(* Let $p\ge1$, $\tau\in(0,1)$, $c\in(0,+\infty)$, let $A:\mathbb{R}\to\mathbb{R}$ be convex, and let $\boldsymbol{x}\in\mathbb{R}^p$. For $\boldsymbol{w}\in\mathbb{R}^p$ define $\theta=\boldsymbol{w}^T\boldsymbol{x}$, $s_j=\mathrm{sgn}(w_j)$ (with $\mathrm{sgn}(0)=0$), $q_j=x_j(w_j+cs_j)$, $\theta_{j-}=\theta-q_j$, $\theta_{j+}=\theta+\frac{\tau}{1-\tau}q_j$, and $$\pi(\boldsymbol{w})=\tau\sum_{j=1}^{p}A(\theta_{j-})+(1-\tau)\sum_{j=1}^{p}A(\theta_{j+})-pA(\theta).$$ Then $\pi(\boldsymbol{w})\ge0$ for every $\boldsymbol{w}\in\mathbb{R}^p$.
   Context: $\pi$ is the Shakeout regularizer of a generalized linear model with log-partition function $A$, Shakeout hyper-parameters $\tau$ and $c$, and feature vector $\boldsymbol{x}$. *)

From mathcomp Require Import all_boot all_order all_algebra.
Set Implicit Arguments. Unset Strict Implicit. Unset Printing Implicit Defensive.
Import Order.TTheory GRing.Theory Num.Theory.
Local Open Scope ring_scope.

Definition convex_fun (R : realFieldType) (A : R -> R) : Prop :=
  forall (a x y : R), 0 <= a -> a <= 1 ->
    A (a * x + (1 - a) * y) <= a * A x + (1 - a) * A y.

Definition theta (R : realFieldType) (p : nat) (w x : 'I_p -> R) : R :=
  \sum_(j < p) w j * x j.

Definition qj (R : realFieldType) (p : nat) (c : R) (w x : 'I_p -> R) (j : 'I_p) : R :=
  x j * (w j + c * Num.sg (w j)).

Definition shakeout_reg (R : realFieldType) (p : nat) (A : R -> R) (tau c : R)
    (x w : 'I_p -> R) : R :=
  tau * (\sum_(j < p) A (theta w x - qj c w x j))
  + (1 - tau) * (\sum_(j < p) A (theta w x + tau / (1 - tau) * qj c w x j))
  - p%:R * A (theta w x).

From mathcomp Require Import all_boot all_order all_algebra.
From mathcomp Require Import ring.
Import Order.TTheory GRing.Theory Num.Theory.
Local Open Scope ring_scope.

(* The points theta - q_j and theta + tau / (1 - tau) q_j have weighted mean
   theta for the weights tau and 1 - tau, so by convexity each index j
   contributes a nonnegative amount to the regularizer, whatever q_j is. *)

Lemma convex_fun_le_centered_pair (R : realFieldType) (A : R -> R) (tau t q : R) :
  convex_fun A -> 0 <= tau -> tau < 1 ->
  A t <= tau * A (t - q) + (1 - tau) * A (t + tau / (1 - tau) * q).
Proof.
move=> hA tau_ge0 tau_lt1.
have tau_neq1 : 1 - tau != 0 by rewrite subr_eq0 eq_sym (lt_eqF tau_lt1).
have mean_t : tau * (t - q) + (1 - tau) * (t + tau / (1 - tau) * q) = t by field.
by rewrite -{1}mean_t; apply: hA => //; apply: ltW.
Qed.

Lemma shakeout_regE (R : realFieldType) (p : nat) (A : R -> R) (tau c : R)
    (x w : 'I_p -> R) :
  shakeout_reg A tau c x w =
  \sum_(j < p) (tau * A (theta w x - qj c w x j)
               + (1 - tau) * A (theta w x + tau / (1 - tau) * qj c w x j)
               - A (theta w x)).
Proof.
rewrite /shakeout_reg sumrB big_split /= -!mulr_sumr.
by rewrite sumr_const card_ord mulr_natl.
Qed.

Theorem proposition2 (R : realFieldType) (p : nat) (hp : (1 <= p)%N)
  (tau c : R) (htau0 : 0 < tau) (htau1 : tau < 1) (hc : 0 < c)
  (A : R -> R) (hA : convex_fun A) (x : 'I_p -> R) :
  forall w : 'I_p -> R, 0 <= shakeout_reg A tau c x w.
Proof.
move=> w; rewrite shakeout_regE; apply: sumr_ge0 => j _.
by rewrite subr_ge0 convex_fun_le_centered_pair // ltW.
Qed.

++++

» **DIRECTIONS**
Using the records, work out how many lines include "move", and reply with that number alone.

» **YOUR RESPONSE**
2